To start with, Keahey’s argument in this oppressively thematic study
seems dangerously circular. She takes pains to choose “individual
texts to represent a diverse and interesting range of approaches” to
her topic, and in order to achieve this end “some very
well-established writers have been passed over so that [she] could
present a selection of newer and less-established (or less-studied)

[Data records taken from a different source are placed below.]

Lemma PA_aeval_ind_le phi (e : nat -> L) c :
  aeval (upd e 0 (pzero N)) phi <= c ->
  (forall x, aeval (upd e 0 x) phi <= c -> aeval (upd e 0 (succ x)) phi <= c) ->
  forall x, aeval (upd e 0 x) phi <= c.
Proof.
move=> h0 hS.
pose P := f_bigor [seq aform_level phi v (avar_bound phi) | v <- aform_values phi & v <= c].
have hP x : fosat (upd e 0 x) P <-> aeval (upd e 0 x) phi <= c.
  rewrite fosat_bigor; split=> [[v]|le_c].
    by rewrite mem_filter => /andP[le_vc _] /fosat_aform_level ->.
  exists (aeval (upd e 0 x) phi); first by rewrite mem_filter le_c aeval_in_values.
  exact/fosat_aform_level.
by move=> x; apply/hP; apply: (pa_ind HN) => [|y /hP /hS /hP]; first exact/hP.
Qed.

Lemma PA_lipschitz_at0 phi (e : nat -> L) :
  lipschitz_at0 (2 * values_bound phi) phi e.
Proof.
move=> x y; rewrite /= /values_bound; case: pselect => [xy|_] /=.
  by rewrite xy subrr normr0 mulr0.
apply: le_trans (ler_normB _ _) _.
have := norm_le_sum_abs (aeval_in_values phi (upd e 0 x)).
have := norm_le_sum_abs (aeval_in_values phi (upd e 0 y)).
lra.
Qed.

Lemma PA_induction_form_ge0 phi d : 0 < d ->
  (forall v w, v \in aform_values phi -> w \in aform_values phi -> v < w -> d <= w - v) ->
  forall e : nat -> L,
  0 <= aeval e (induction_form (2 * values_bound phi) (2 * values_bound phi / d) phi).
Proof.
move=> d_gt0 gap e; set B := values_bound phi; pose f x := aeval (upd e 0 x) phi.
have fB x : `|f x| <= B by apply/norm_le_sum_abs/aeval_in_values.
have K_ge0 : 0 <= 2 * B / d.
  by rewrite divr_ge0 ?(ltW d_gt0) // mulr_ge0 // (le_trans _ (fB (pzero N))).
have hosc x : f x - f (pzero N) <= 2 * B.
  by have := fB x; have := fB (pzero N); rewrite !ler_norml; lra.
have [[z lt_z]|] := classic (exists z, f z < f (succ z)).
  apply: (lipschitz_induction_form_ge0 (PA_inhabited N) (@PA_dist_01 N) (z := z)) => //.
    exact: PA_lipschitz_at0.
  move=> x; apply: le_trans (hosc x) _.
  rewrite -{1}(divfK (lt0r_neq0 d_gt0) (2 * B)); apply: ler_wpM2l => //.
  exact: gap (aeval_in_values phi _) (aeval_in_values phi _) lt_z.
move=> nincr.
have f_dec x : f (succ x) <= f x.
  by rewrite leNgt; apply/negP => lt_x; apply: nincr; exists x.
have le_f0 := PA_aeval_ind_le (lexx (f (pzero N))) (fun x fx => le_trans (f_dec x) fx).
(* The increment at a minimum point of f is nonnegative. *)
have [zm f_zm] := finite_range_min (PA_inhabited N) (fun y => aeval_in_values phi (upd e 0 y)).
apply: (lipschitz_induction_form_ge0 (PA_inhabited N) (@PA_dist_01 N) (z := zm)) => //.
  exact: PA_lipschitz_at0.
move=> x; apply: le_trans (mulr_ge0 K_ge0 _); first by rewrite subr_le0 le_f0.
by rewrite subr_ge0 f_zm.
Qed.

End PAinduction.

Lemma AA_inf_closure n g : (avar_bound g <= n)%N ->
  (forall N : PAstr, is_PA N -> forall e : nat -> PA_to_L N, 0 <= aeval e g) ->
  AA (inf_closure n g).
Proof.
move=> g_n g_PA; split; first exact: closed_inf_closure.
by move=> N HN; apply: (inf_closure_ge0 (PA_inhabited N)); apply: g_PA.
Qed.

Lemma AA_induction_axiom phi : exists C K, 0 <= K /\ AA (induction_axiom C K phi).
Proof.
have [d d_gt0 gap] := exists_min_gap (aform_values phi).
exists (2 * values_bound phi), (2 * values_bound phi / d); split.
  by rewrite divr_ge0 ?(ltW d_gt0) // mulr_ge0 // sumr_ge0.
apply: AA_inf_closure; first by rewrite /induction_form /succ_increment /penalized_inf
  /penalized_sup /fresh_var /=; lia.
by move=> N HN; apply: PA_induction_form_ge0.
Qed.

Section PAarithmetic.
Variables (N : PAstr) (HN : is_PA N).

Lemma PA_add0l x : padd N (pzero N) x = x.
Proof.
have ind := @pa_ind _ HN (feq (pplus pz (pvar 0)) (pvar 0)) 0 (fun=> pzero N).
apply: ind => /= [|y].
  exact: pa_add0.
by rewrite (pa_addS HN) => ->.
Qed.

writers.” This means, however, that we are subject to a series of
texts—novels, short stories, poems, plays, plus various kinds of
nonfiction—that have little in common with each other. In the end, we
are left with the impression that “home” and “place” mean
different things depending on one’s gender, race, age, class, bank
balance, etc.—which is probably true, but hardly gets us very far. And
why such a conclusion should be demonstrated in literature is never
explained.
The study began as a doctoral thesis, and most of it is written in
dourly impersonal academic prose. But the “prologue” is
conspicuously (even desperately) personal, beginning with one of
Keahey’s own poems and even telling us that she is about to move into
“a (yes) mobile home”! Unfortunately, however, I find nothing of
value in the poem, and little of literary-critical relevance in the
biography.
The writers discussed are Martha Ostenso, Robert Stead, Kelly Rebar,
Ian Ross, Kristjana Gunnars, David Arnason, Laura Salverson, Frederick
Philip Grove, Lorna Crozier, Dennis Cooley, Emma Lee Warrior, Maria
Campbell, Rudy Wiebe, Uma Parameswaran, Robert Kroetsch, Aritha van
Herk, and Fred Wah. For the most part, however, their texts do not
“measure up” to what the widely read consider to be literature at
its best. In presenting them as representative of “Canadian Prairie
literature,” Keahey could be rendering her subject a disservice.